First of all WELCOME to our family forum Le Le! Your post was right on target, and I am glad that an actual teacher put some insight into what is up with those kids! and...one more thing...the custodian?! Screw the talking to, he is lucky he lives so far, or I would have him pay a nice little "visit" with me out back!
Hugs, Kari
 
Dear Brooksea~ Hey, girl. I've been thinking about you and just read your post. I am so sorry. My daughter is in high school and there are still some kids that call us freaks. It can be pretty pathetic.

As a former elementary and middle school teacher, I highly agree with LE LE about the meeting. Include the principal, teachers, counselor and coach(es). You might take in lists of websites or journals they could use for research for themselves. I would also have them all sign in at the meeting and I would document what the meeting consists of. I believe in a paper trail if there is ever a need for it. That way you will have documentation in case certain children should continue to harshly tease your son.

I know this may sound a bit extreme to you. At least take notes of the meeting and list individuals in attendance for further reference. I hope I've helped. If you would like to visit, send me a message. Hugs to you, Jacque
 
Hey, your son is in elementary school, isn't he? Could the teacher perhaps do a short sports unit or baseball unit and include Lou Gehrig? There is a great book that was a medal winner a few years ago I used with 5th graders to introduce the illness when hubby was diagnosed. I'll keep thinking...
 
Actually Jacque, I think that is a great idea about teaching the kids about Lou Gehrig! Good thinking!
Hugs, B-bear
 
CJ..my instant reaction was those horrible children. My defensive protective side instantly popped into my head. I dread if and when this happens with my children. I have had the teachers prepare the classroom if Andrew is to attend. I am so proud of your husband attending the events. My hubby has really withdrawn from those type of activities. When he would go the teacher would explain to the classroom about the illness..kindness..tolerance..all that good stuff. Although painful for us as parents...our children are going to grow up to be kind and compassionate people. I often feel frustrated that this is their childhood experience. But, they love their Dad more than anything..and that is all that matters. Thinking of you and your families!

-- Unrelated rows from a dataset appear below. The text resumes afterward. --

(* Let $a\in\mathbb{C}_p$, $a\neq0$, $A=|a|_p$, and $f(x)=\frac{ax}{x^2+a}$, whose unique fixed point is $x_0=0$ (with $f'(0)=1$). Then: 1.1) The maximal Siegel disk of $f$ centered at $0$ is $SI(0)=U_{\sqrt A}(0)$. 1.2) $\mathcal P\subset S_{\sqrt A}(0)$. 2) If $r>\sqrt A$ and $x\in S_r(0)$, then $f^n(x)\in S_{A/r}(0)$ for all $n\ge1$. 3) Let $x\in S_{\sqrt A}(0)\setminus\mathcal P$ and $A^*(x)=|f(x)|_p$. 3.1) If $A^*(x)=\sqrt A$ then $f(x)\in S_{\sqrt A}(0)$. 3.2) If $A^*(x)>\sqrt A$ then $f^n(x)\in S_{A/A^*(x)}(0)$ for all $n\ge 2$.
   Context: For $c\in\mathbb{C}_p$, $r>0$: $U_r(c)=\{x:|x-c|_p<r\}$, $V_r(c)=\{x:|x-c|_p\le r\}$, $S_r(c)=\{x:|x-c|_p=r\}$. $f$ is defined on $\mathbb{C}_p\setminus\{\pm\sqrt{-a}\}$ and $\mathcal P=\{x\in\mathbb{C}_p:\ \exists n\in\mathbb{N}\cup\{0\},\ f^n(x)\in\{\sqrt{-a},-\sqrt{-a}\}\}$. A sphere $S_\rho(x_0)$ is invariant if $x\in S_\rho(x_0)$ implies $f^n(x)\in S_\rho(x_0)$ for all $n\ge1$. A ball $U_r(x_0)$ is a Siegel disk if every sphere $S_\rho(x_0)$ with $\rho<r$ is invariant; the maximal Siegel disk $SI(x_0)$ is the union of all Siegel disks centered at $x_0$. *)

From HB Require Import structures.
From mathcomp Require Import all_boot all_order all_algebra.
Set Implicit Arguments. Unset Strict Implicit. Unset Printing Implicit Defensive.
Import Order.TTheory GRing.Theory Num.Theory.
Local Open Scope ring_scope.

Definition nonarch_abs (K : fieldType) (R : realFieldType) (v : K -> R) : Prop :=
  [/\ forall x, 0 <= v x,
      forall x, v x = 0 <-> x = 0,
      forall x y, v (x * y) = v x * v y
    & forall x y, v (x + y) <= Num.max (v x) (v y)].

Definition cauchy_seq (K : fieldType) (R : realFieldType) (v : K -> R)
  (u : nat -> K) : Prop :=
  forall eps : R, 0 < eps -> exists N : nat, forall m n : nat,
    (N <= m)%N -> (N <= n)%N -> v (u m - u n) < eps.

Definition converges_to (K : fieldType) (R : realFieldType) (v : K -> R)
  (u : nat -> K) (l : K) : Prop :=
  forall eps : R, 0 < eps -> exists N : nat, forall n : nat,
    (N <= n)%N -> v (u n - l) < eps.

Definition complete_abs (K : fieldType) (R : realFieldType) (v : K -> R) : Prop :=
  forall u, cauchy_seq v u -> exists l, converges_to v u l.

(* the function f(x) = a x / (x^2 + a); total, with the MathComp convention
   y / 0 = 0 at the two poles x = ±sqrt(-a) *)
Definition fa (K : fieldType) (a : K) (x : K) : K := a * x / (x ^+ 2 + a).

Definition sphere (K : fieldType) (R : realFieldType) (v : K -> R) (c : K) (rho : R) :=
  fun x : K => v (x - c) = rho.
Definition open_ball (K : fieldType) (R : realFieldType) (v : K -> R) (c : K) (r : R) :=
  fun x : K => v (x - c) < r.

Definition invariant_sphere (K : fieldType) (R : realFieldType) (v : K -> R)
  (f : K -> K) (c : K) (rho : R) : Prop :=
  forall x, sphere v c rho x -> forall n : nat, (1 <= n)%N -> sphere v c rho (iter n f x).

Definition siegel_disk (K : fieldType) (R : realFieldType) (v : K -> R)
  (f : K -> K) (c : K) (r : R) : Prop :=
  0 < r /\ forall rho : R, 0 < rho -> rho < r -> invariant_sphere v f c rho.

Definition max_siegel (K : fieldType) (R : realFieldType) (v : K -> R)
  (f : K -> K) (c : K) : K -> Prop :=
  fun x => exists r : R, siegel_disk v f c r /\ open_ball v c r x.

(* the set P: points some iterate of which is one of ±sqrt(-a), i.e. a root of y^2 = -a *)
Definition preimg_poles (K : fieldType) (a : K) : K -> Prop :=
  fun x => exists n : nat, (iter n (fa a) x) ^+ 2 = - a.

From HB Require Import structures.
From mathcomp Require Import all_boot all_order all_algebra.
Import Order.TTheory GRing.Theory Num.Theory.
Local Open Scope ring_scope.

(* By the ultrametric inequality, |y^2 + a| = A when |y|^2 < A and |y^2 + a| = |y|^2
   when |y|^2 > A, so |f(y)| = |y| inside U_{sqrt A}(0) and |f(y)| = A/|y| outside
   the closed ball; since (A/|y|)^2 < A, one step from outside lands inside, where
   |.| is preserved forever.  The sphere S_{sqrt A}(0) is not invariant because it
   contains the roots of y^2 = -a, which f sends to 0. *)

Section NonarchimedeanAbsoluteValue.
Context {K : fieldType} {R : realFieldType} {v : K -> R}.
Hypothesis v_abs : nonarch_abs v.

Lemma absv_ge0 x : 0 <= v x. Proof. by case: v_abs. Qed.

Lemma absv_eq0 x : (v x == 0) = (x == 0).
Proof. by case: v_abs => _ v0 _ _; apply/eqP/eqP => /v0. Qed.

Lemma absv_gt0 x : (0 < v x) = (x != 0).
Proof. by rewrite lt_def absv_ge0 andbT absv_eq0. Qed.

Lemma absv0 : v 0 = 0. Proof. by apply/eqP; rewrite absv_eq0. Qed.

Lemma absvM x y : v (x * y) = v x * v y. Proof. by case: v_abs. Qed.

Lemma absv_max x y : v (x + y) <= Num.max (v x) (v y). Proof. by case: v_abs. Qed.

Lemma absv1 : v 1 = 1.
Proof.
have v1_neq0 : v 1 != 0 by rewrite absv_eq0 oner_eq0.
by apply: (mulfI v1_neq0); rewrite -absvM !mulr1.
Qed.

Lemma absvN x : v (- x) = v x.
Proof.
have vN1_sqr : v (-1) ^+ 2 = 1 ^+ 2 by rewrite expr2 -absvM mulrNN mulr1 absv1 expr1n.
have vN1 : v (-1) = 1 by apply/eqP; rewrite -(eqrXn2 (n := 2)) ?absv_ge0 ?vN1_sqr.
by rewrite -mulN1r absvM vN1 mul1r.
Qed.

Lemma absvV x : v x^-1 = (v x)^-1.
Proof.
have [->|x_neq0] := eqVneq x 0; first by rewrite invr0 absv0 invr0.
have vx_neq0 : v x != 0 by rewrite absv_eq0.
by apply: (mulfI vx_neq0); rewrite -absvM mulfV // mulfV // absv1.
Qed.

Lemma absvX x n : v (x ^+ n) = v x ^+ n.
Proof. by elim: n => [|n IHn]; rewrite ?absv1 // !exprS absvM IHn. Qed.

Lemma absvD_ltr x y : v y < v x -> v (x + y) = v x.
Proof.
move=> vy_lt_vx; apply/eqP; rewrite eq_le.
have -> : v (x + y) <= v x by rewrite (le_trans (absv_max x y)) // ge_max lexx ltW.
have := absv_max (x + y) (- y).
by rewrite addrK absvN le_max (leNgt (v x) (v y)) vy_lt_vx orbF.
Qed.

End NonarchimedeanAbsoluteValue.

Lemma sqr_div_lt (R : realFieldType) (c t : R) :
  0 < c -> 0 < t -> c < t ^+ 2 -> (c / t) ^+ 2 < c.
Proof.
move=> c_gt0 t_gt0 c_lt_tt.
have ct_gt0 : 0 < c / t by rewrite divr_gt0.
have ct_lt_t : c / t < t by rewrite ltr_pdivrMr // -expr2.
by rewrite expr2 -{3}(divfK (lt0r_neq0 t_gt0) c) ltr_pM2l.
Qed.

Section DynamicsOfFa.
Context {K : fieldType} {R : realFieldType} {v : K -> R} {a : K}.
Hypotheses (v_abs : nonarch_abs v) (va_gt0 : 0 < v a).

Lemma absv_gt0_outside y : v a < v y ^+ 2 -> 0 < v y.
Proof.
move=> outside; rewrite lt_def absv_ge0 // andbT.
by apply: contraTneq outside => ->; rewrite expr0n /= -leNgt ltW.
Qed.

Lemma absv_fa y : v (fa a y) = v a * v y / v (y ^+ 2 + a).
Proof. by rewrite /fa absvM // absvM // absvV. Qed.

Lemma absv_fa_inside y : v y ^+ 2 < v a -> v (fa a y) = v y.
Proof.
move=> inside; rewrite absv_fa addrC absvD_ltr ?(absvX v_abs y 2) //.
by rewrite mulrAC divff ?mul1r ?lt0r_neq0.
Qed.

Lemma absv_fa_outside y : v a < v y ^+ 2 -> v (fa a y) = v a / v y.
Proof.
move=> outside; rewrite absv_fa absvD_ltr ?(absvX v_abs y 2) //.
by rewrite expr2 invfM mulrA mulfK ?lt0r_neq0 ?absv_gt0_outside.
Qed.

Lemma absv_iter_fa_inside n y : v y ^+ 2 < v a -> v (iter n (fa a) y) = v y.
Proof. by move=> inside; elim: n => //= n IHn; rewrite absv_fa_inside IHn. Qed.

Lemma absv_iter_fa_outside n y :
  v a < v y ^+ 2 -> v (iter n.+1 (fa a) y) = v a / v y.
Proof.
move=> outside; rewrite iterSr absv_iter_fa_inside absv_fa_outside //.
exact/sqr_div_lt/outside/absv_gt0_outside.
Qed.

Lemma absv_pole_preimage n x : (iter n (fa a) x) ^+ 2 = - a -> v x ^+ 2 = v a.
Proof.
move=> /(congr1 v); rewrite absvX // absvN // => pole.
case: (ltgtP (v x ^+ 2) (v a)) => // [inside|outside].
  by move: pole; rewrite absv_iter_fa_inside // => /eqP; rewrite lt_eqF.
case: n pole => [/eqP|n]; first by rewrite gt_eqF.
rewrite absv_iter_fa_outside // => /eqP.
by rewrite lt_eqF // sqr_div_lt // absv_gt0_outside.
Qed.

End DynamicsOfFa.

Lemma closed_sqr_surj {K : closedFieldType} (c : K) : exists y : K, y ^+ 2 = c.
Proof.
have [y y2] := @solve_monicpoly K 2 (fun i => if i == 0%N then c else 0) isT.
by exists y; rewrite y2 big_ord_recl big_ord1 /= mulr1 mul0r addr0.
Qed.

Section SiegelDiskOfFa.
Context {K : closedFieldType} {R : rcfType} {v : K -> R} {a : K}.
Hypotheses (v_abs : nonarch_abs v) (a_neq0 : a != 0).

Local Notation s := (Num.sqrt (v a)).

Let va_gt0 : 0 < v a. Proof. by rewrite absv_gt0. Qed.

Lemma absv_lt_sqrt y : (v y < s) = (v y ^+ 2 < v a).
Proof. by rewrite -ltr_sqr ?nnegrE ?sqrtr_ge0 ?(absv_ge0 v_abs) // sqr_sqrtr // ltW. Qed.

Lemma absv_gt_sqrt y : (s < v y) = (v a < v y ^+ 2).
Proof. by rewrite -ltr_sqr ?nnegrE ?sqrtr_ge0 ?(absv_ge0 v_abs) // sqr_sqrtr // ltW. Qed.

Lemma siegel_disk_fa : siegel_disk v (fa a) 0 s.
Proof.
split=> [|rho _ rho_lt_s x]; first by rewrite sqrtr_gt0.
rewrite /sphere subr0 => vx n _.
by rewrite subr0 absv_iter_fa_inside // -absv_lt_sqrt vx.
Qed.

Lemma preimg_poles_sphere x : preimg_poles a x -> sphere v 0 s x.
Proof.
case=> n /(absv_pole_preimage v_abs va_gt0) vx2.
by rewrite /sphere subr0 -vx2 sqrtr_sqr ger0_norm // absv_ge0.
Qed.

Lemma invariant_sphere_fa_lt rho x :
  invariant_sphere v (fa a) 0 rho -> sphere v 0 rho x -> rho < s.
Proof.
move=> inv x_rho; have := inv x x_rho 1%N isT.
move: x_rho; rewrite /sphere !subr0 /= => vx.
case: (ltgtP rho s) => // [s_lt_rho | rho_eq_s _].
- have outside : v a < v x ^+ 2 by rewrite -absv_gt_sqrt vx.
  rewrite absv_fa_outside // vx => /(congr1 (fun t => t * rho)).
  rewrite divfK ?lt0r_neq0 ?(lt_trans _ s_lt_rho) ?sqrtr_gt0 // => va.
  by move: outside; rewrite vx va expr2 ltxx.
- (* a root of y^2 = -a lies on the sphere S_{sqrt A}(0) and is sent to 0 *)
  have [y y2] := closed_sqr_surj (- a).
  have /(inv y) /(_ 1%N isT) : sphere v 0 rho y.
    by rewrite rho_eq_s; apply: preimg_poles_sphere; exists 0%N.
  rewrite /sphere /= /fa y2 addNr invr0 mulr0 subr0 absv0 // => rho0.
  by move: (sqrtr_gt0 (v a)); rewrite va_gt0 -rho_eq_s -rho0 ltxx.
Qed.

Lemma max_siegel_faE x : max_siegel v (fa a) 0 x <-> open_ball v 0 s x.
Proof.
split=> [[r [[_ inv] x_r]] | x_s]; last by exists s; split; first exact: siegel_disk_fa.
move: x_r; rewrite /open_ball !subr0 => vx_lt_r.
have := absv_ge0 v_abs x; rewrite le_eqVlt => /orP[/eqP <- | vx_gt0].
  by rewrite sqrtr_gt0.
by apply: (invariant_sphere_fa_lt _ x (inv _ vx_gt0 vx_lt_r)); rewrite /sphere subr0.
Qed.

Lemma iter_fa_sphere_outside r x n :
  s < r -> sphere v 0 r x -> sphere v 0 (v a / r) (iter n.+1 (fa a) x).
Proof.
rewrite /sphere !subr0 => s_lt_r vx.
by rewrite -vx absv_iter_fa_outside // -absv_gt_sqrt vx.
Qed.

End SiegelDiskOfFa.

Theorem theorem2p4 (p : nat) (K : closedFieldType) (R : rcfType) (v : K -> R)
  (p_prime : prime p) (char0 : [pchar K] =i pred0)
  (v_abs : nonarch_abs v) (v_complete : complete_abs v)
  (v_p : v (p%:R) = (p%:R)^-1)
  (a : K) (a_neq0 : a != 0) :
  let A := v a in
  let f := fa a in
  (* 1.1 *)
  (forall x, max_siegel v f 0 x <-> open_ball v 0 (Num.sqrt A) x) /\
  (* 1.2 *)
  (forall x, preimg_poles a x -> sphere v 0 (Num.sqrt A) x) /\
  (* 2 *)
  (forall (r : R) (x : K), Num.sqrt A < r -> sphere v 0 r x ->
     forall n : nat, (1 <= n)%N -> sphere v 0 (A / r) (iter n f x)) /\
  (* 3 *)
  (forall x : K, sphere v 0 (Num.sqrt A) x -> ~ preimg_poles a x ->
     let Astar := v (f x) in
     (Astar = Num.sqrt A -> sphere v 0 (Num.sqrt A) (f x)) /\
     (Num.sqrt A < Astar ->
        forall n : nat, (2 <= n)%N -> sphere v 0 (A / Astar) (iter n f x))).
Proof.
move=> A f; split; [|split; [|split]].
- exact: max_siegel_faE.
- exact: preimg_poles_sphere.
- by move=> r x s_lt_r x_r [|n] // _; apply: iter_fa_sphere_outside.
- move=> x _ _; split=> [fx_s | s_lt_fx [|[|n]] // _]; first by rewrite /sphere subr0.
  by rewrite iterSr; apply: iter_fa_sphere_outside => //; rewrite /sphere subr0.
Qed.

ps- I like Hopeful Warriors idea about the Lou Gherig lesson
I am trying to convince my hubby to go into school and show the kids how he uses the eyemax system. I think kids would be amazed that the boys Daddy can talk with the blink of his eye!
Time for coffee...lots of coffee...bring it on Friday!
 
CJ I am so upset for your little guy and all the other kids that have to deal with this. Other kids can be so cruel. I loved Le Le's suggestion of setting up discussion with your son's class regarding ALS and hopeful warrior's addition of Lou Gehrig. If just one of those kids developed compassion and supported your son, it would be worth it.
Thinking of you guys.
 
CJ.
My heart broke when I read your post. It usually takes one bully (usually with his own insecurity issues) and the rest will follow in order to stay with the group that doesn't get picked on. I don't think some children learn compassion at home. It sucks that you have to deal with this along with everything else. I love the idea of educating the school. Perhaps an assembly where a film could be shown. And definitely teach them about Lou Gehrig. I also love the idea of an ALS fundraiser and make sure those brats have key roles. The school counselor should be of help with this. My thoughts are with you and your family.